Afterwards, 494 tells Dorian about a hostage situation where he broke protocol to save a little boy named Philip. The little boy’s reaction—hugging 494—“was my proudest moment as a cop”. The case over, Dorian and Kennex drops 494 back at the hospital and takes away most of his recent memories and police files though he leaves the most important one. With a smile, DRN 494 admits that he remembers the little boy. He remembers Philip.
More Than Human
- More than anything, this episode offers commentary on the dangers of technology. The show’s intro highlights the inability to regulate tech and how criminals have taken advantage of it. But as Dorian points out, Kennex has benefited from the technology of the day, as so many other people have. The unfortunate nature of things lies in humanity and how we develop inside, not the advancements we achieve on the outside.
- Seeing another DRN model was very interesting and the show did a good job conveying DRN 494’s own unique personality and the true masterpiece of the synthetic soul.
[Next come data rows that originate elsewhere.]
(* Let $X$ be a finite set, $k$ an integer with $1\le k\le|X|-1$, $\mathfrak{C}$ a nonempty symmetric family of choice functions for $\binom{X}{k}$, and $\mathcal{F}$ the set of (not necessarily simple) averaging functions for $\mathfrak{C}$. Suppose that for some $r\in\{3,\dots,k\}$ the following holds: for every $Y\in\binom{X}{k}$ and every one-to-one $\bar a\in Y^r$ there is $f\in\mathcal{F}_{[r]}$ with $f_Y(\bar a)=a_2$ and $f_Z(\bar b)=b_1$ for every $Z\in\binom{X}{k}$ with $Z\ne Y$ and every $\bar b\in Z^r$. Then $\mathfrak{C}$ is full, i.e. every choice function for $\binom{X}{k}$ belongs to $\mathfrak{C}$.
   Context: $\binom{X}{k}=\{Y\subseteq X:|Y|=k\}$; choice functions satisfy $c(Y)\in Y$. Symmetric: for every permutation $\pi$ of $X$ and $c\in\mathfrak{C}$, $(\pi*c)(Y)=\pi^{-1}(c(\pi(Y)))$ is in $\mathfrak{C}$. $\mathcal{F}_{[r]}$ is the set of families $f=\langle f_Y:Y\in\binom{X}{k}\rangle$ with $f_Y:Y^r\to Y$, $f_Y(x_1,\dots,x_r)\in\{x_1,\dots,x_r\}$, such that for all $c_1,\dots,c_r\in\mathfrak{C}$ the function $Y\mapsto f_Y(c_1(Y),\dots,c_r(Y))$ is in $\mathfrak{C}$. Standing assumption: every $f\in\mathcal{F}$ that is simple (i.e. $f_Y$ is the restriction to $Y^r$ of a single function independent of $Y$) is a monarchy (for some $t$, $f_Y(\bar x)=x_t$ for all $Y,\bar x$). *)

From HB Require Import structures.
From mathcomp Require Import all_boot all_fingroup.
Set Implicit Arguments. Unset Strict Implicit. Unset Printing Implicit Defensive.
Import GroupScope.

Section Defs.
Variables (X : finType) (k : nat).

Definition ksub := {Y : {set X} | #|Y| == k}.

Definition is_choice (c : {ffun ksub -> X}) : Prop := forall Y : ksub, c Y \in val Y.

Lemma pimg_card (p : {perm X}) (Y : ksub) : #|p @: val Y| == k.
Proof. by rewrite card_imset ?(valP Y) //; exact: perm_inj. Qed.

Definition pimg (p : {perm X}) (Y : ksub) : ksub := exist _ (p @: val Y) (pimg_card p Y).

Definition pact (p : {perm X}) (c : {ffun ksub -> X}) : {ffun ksub -> X} :=
  [ffun Y => (p^-1) (c (pimg p Y))].

Definition symmetric_family (C : {set {ffun ksub -> X}}) : Prop :=
  forall (p : {perm X}) c, c \in C -> pact p c \in C.

Definition in_pow (n : nat) (Y : ksub) (xs : n.-tuple X) : Prop :=
  forall i : 'I_n, tnth xs i \in val Y.

(* f in F_[n]: f = <f_Y : Y in binom(X,k)>, f_Y : Y^n -> Y (only values on Y^n matter) *)
Definition averaging (C : {set {ffun ksub -> X}}) (n : nat)
    (f : ksub -> n.-tuple X -> X) : Prop :=
  (forall Y xs, in_pow Y xs -> f Y xs \in (xs : seq X)) /\
  (forall cs : 'I_n -> {ffun ksub -> X}, (forall i, cs i \in C) ->
     [ffun Y => f Y [tuple cs i Y | i < n]] \in C).

Definition simple (n : nat) (f : ksub -> n.-tuple X -> X) : Prop :=
  exists g : n.-tuple X -> X, forall Y xs, in_pow Y xs -> f Y xs = g xs.

Definition monarchy (n : nat) (f : ksub -> n.-tuple X -> X) : Prop :=
  exists t : 'I_n, forall Y xs, in_pow Y xs -> f Y xs = tnth xs t.

Definition full (C : {set {ffun ksub -> X}}) : Prop :=
  forall c, is_choice c -> c \in C.

End Defs.

From mathcomp Require Import all_boot all_fingroup.
Set Implicit Arguments. Unset Strict Implicit. Unset Printing Implicit Defensive.

(* The hypothesis makes [C] closed under changing a single value: to move [c]
   to [x] at [Y], list [Y] as [(c Y, x, ...)], and feed the averaging function
   [f] the conjugates of [c] by the transpositions [(c Y, a_i)].  They all fix
   [Y], so at [Y] they read off the list and [f] picks its second entry [x];
   elsewhere [f] picks the first one, the unchanged [c].  Every choice function
   is reached from any member of [C] by finitely many such changes. *)

Section ChoiceFunctions.
Variables (X : finType) (k : nat).

Definition ffun_upd (c : {ffun ksub X k -> X}) (Y : ksub X k) (x : X) :
    {ffun ksub X k -> X} :=
  [ffun Z => if Z == Y then x else c Z].

Lemma ffun_upd_id (c : {ffun ksub X k -> X}) (Y : ksub X k) :
  ffun_upd c Y (c Y) = c.
Proof. by apply/ffunP => Z; rewrite ffunE; case: eqP => // ->. Qed.

Lemma pimg1 (Y : ksub X k) : pimg 1 Y = Y.
Proof.
by apply: val_inj; rewrite /= (eq_imset _ (perm1 (T := X))) imset_id.
Qed.

Lemma pact1 (c : {ffun ksub X k -> X}) : pact 1 c = c.
Proof. by apply/ffunP => Y; rewrite ffunE pimg1 invg1 perm1. Qed.

Lemma pimg_tperm (Y : ksub X k) (a b : X) :
  a \in val Y -> b \in val Y -> pimg (tperm a b) Y = Y.
Proof.
move=> aY bY; apply: val_inj => /=.
apply/eqP; rewrite eqEcard card_imset; last exact: perm_inj.
rewrite leqnn andbT; apply/subsetP => _ /imsetP [y yY ->].
by case: tpermP => // ->.
Qed.

Lemma pact_tperm_at (c : {ffun ksub X k -> X}) (Y : ksub X k) (b : X) :
  c Y \in val Y -> b \in val Y -> pact (tperm (c Y) b) c Y = b.
Proof. by move=> cY bY; rewrite ffunE pimg_tperm // tpermV tpermL. Qed.

Lemma subset_in_pow (n : nat) (Y : ksub X k) (xs : n.-tuple X) :
  {subset xs <= val Y} -> in_pow Y xs.
Proof. by move=> sub i; apply: sub; exact: mem_tnth. Qed.

Lemma exists_uniq_tuple_head2 (Y : {set X}) (y0 x : X) (n : nat) :
  y0 \in Y -> x \in Y -> y0 != x -> 1 < n <= #|Y| ->
  exists a : n.-tuple X,
    [/\ {subset a <= Y}, uniq a, nth y0 a 0 = y0 & nth y0 a 1 = x].
Proof.
move=> y0Y xY y0x /andP[n_gt1 leYn].
pose s := y0 :: x :: enum (Y :\ y0 :\ x).
have size_s : size s = #|Y|.
  by rewrite (cardsD1 y0) (cardsD1 x) y0Y !inE eq_sym y0x xY /= cardE.
have size_take : size (take n s) == n by rewrite size_takel ?size_s.
exists (Tuple size_take); split => /=.
- move=> z /mem_take; rewrite !inE mem_enum !inE.
  by case/or3P => [/eqP->|/eqP->|/and3P[]].
- apply: take_uniq.
  by rewrite /= !inE !mem_enum !inE (negPf y0x) !eqxx andbF enum_uniq.
- by case: n {n_gt1 leYn size_take}.
- by case: n n_gt1 {leYn size_take} => // -[].
Qed.

Lemma full_of_upd_closed (C : {set {ffun ksub X k -> X}}) :
  (forall c (Y : ksub X k) x, c \in C -> x \in val Y -> ffun_upd c Y x \in C) ->
  (exists c, c \in C) -> full C.
Proof.
move=> updC [c cC] d dchoice.
pose upds := foldr (fun Y e => ffun_upd e Y (d Y)) c.
have upds_at s Z : upds s Z = if Z \in s then d Z else c Z.
  elim: s => //= Y s IH; rewrite ffunE inE IH.
  by case: (eqVneq Z Y) => [->|].
have -> : d = upds (enum [set: ksub X k]).
  by apply/ffunP => Z; rewrite upds_at mem_enum in_setT.
by elim: (enum _) => //= Y s IH; exact: updC.
Qed.

Section UpdateClosure.
Variables (C : {set {ffun ksub X k -> X}}) (r : nat).
Hypothesis (choiceC : forall c, c \in C -> is_choice c).
Hypothesis (symC : symmetric_family C).
Hypotheses (r_gt1 : 1 < r) (r_le_k : r <= k).
Hypothesis (switchC :
    forall (Y : ksub X k) (a : r.-tuple X), in_pow Y a -> uniq a ->
      exists f : ksub X k -> r.-tuple X -> X,
        averaging C f /\
        (forall i : 'I_r, val i = 1 -> f Y a = tnth a i) /\
        (forall Z : ksub X k, Z <> Y -> forall b : r.-tuple X, in_pow Z b ->
           forall i : 'I_r, val i = 0 -> f Z b = tnth b i)).

Lemma ffun_upd_in (c : {ffun ksub X k -> X}) (Y : ksub X k) (x : X) :
  c \in C -> x \in val Y -> ffun_upd c Y x \in C.
Proof.
move=> cC xY; have cYY : c Y \in val Y := choiceC cC Y.
have [<-|cYx] := eqVneq (c Y) x; first by rewrite ffun_upd_id.
have [|a [aY a_uniq a0 a1]] := exists_uniq_tuple_head2 cYY xY cYx (n := r).
  by rewrite r_gt1 (eqP (valP Y)).
have [f [[_ avgC] [fY fZ]]] := switchC (subset_in_pow aY) a_uniq.
pose cs i := pact (tperm (c Y) (tnth a i)) c.
have csC i : cs i \in C by exact: symC.
have csY : [tuple cs i Y | i < r] = a.
  apply: eq_from_tnth => i.
  by rewrite tnth_mktuple pact_tperm_at ?(subset_in_pow aY).
suff -> : ffun_upd c Y x = [ffun Z => f Z [tuple cs i Z | i < r]].
  exact: avgC.
apply/ffunP => Z; rewrite !ffunE; have [->|/eqP ZY] := eqVneq Z Y.
  by rewrite csY (fY (Ordinal r_gt1)) // (tnth_nth (c Y)).
have r_gt0 : 0 < r by exact: ltnW.
rewrite (fZ Z ZY _ _ (Ordinal r_gt0)) // ?tnth_mktuple.
  by rewrite /cs (tnth_nth (c Y)) a0 tperm1 pact1.
by move=> i; rewrite tnth_mktuple; exact: choiceC.
Qed.

End UpdateClosure.
End ChoiceFunctions.

Theorem claim14p4 (X : finType) (k : nat) (C : {set {ffun ksub X k -> X}})
  (hk1 : 1 <= k) (hkX : k <= #|X| - 1)
  (hCchoice : forall c, c \in C -> is_choice c)
  (hCne : exists c, c \in C)
  (hCsym : symmetric_family C)
  (hstand : forall (n : nat) (f : ksub X k -> n.-tuple X -> X),
      averaging C f -> simple f -> monarchy f)
  (r : nat) (hr3 : 3 <= r) (hrk : r <= k)
  (hyp : forall (Y : ksub X k) (a : r.-tuple X), in_pow Y a -> uniq a ->
      exists f : ksub X k -> r.-tuple X -> X,
        averaging C f /\
        (forall i : 'I_r, val i = 1 -> f Y a = tnth a i) /\
        (forall Z : ksub X k, Z <> Y -> forall b : r.-tuple X, in_pow Z b ->
           forall i : 'I_r, val i = 0 -> f Z b = tnth b i)) :
  full C.
Proof.
apply: full_of_upd_closed hCne => c Y x.
exact: (ffun_upd_in hCchoice hCsym (ltnW hr3) hrk hyp).
Qed.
What is the chance we see more DRN’s in the future? How about one who’s on the other side of the war—maybe an important cog in the Syndicate machine?
- Speaking of Syndicate, once again there was no mention of this evil organization, though I have to wonder how much of that is due to FOX’s brain dead decision to air episodes out of order. Still, even with ‘Arrhythmia’ being a very solid episode, this continual lack of follow-up takes a bit away from the series as a whole.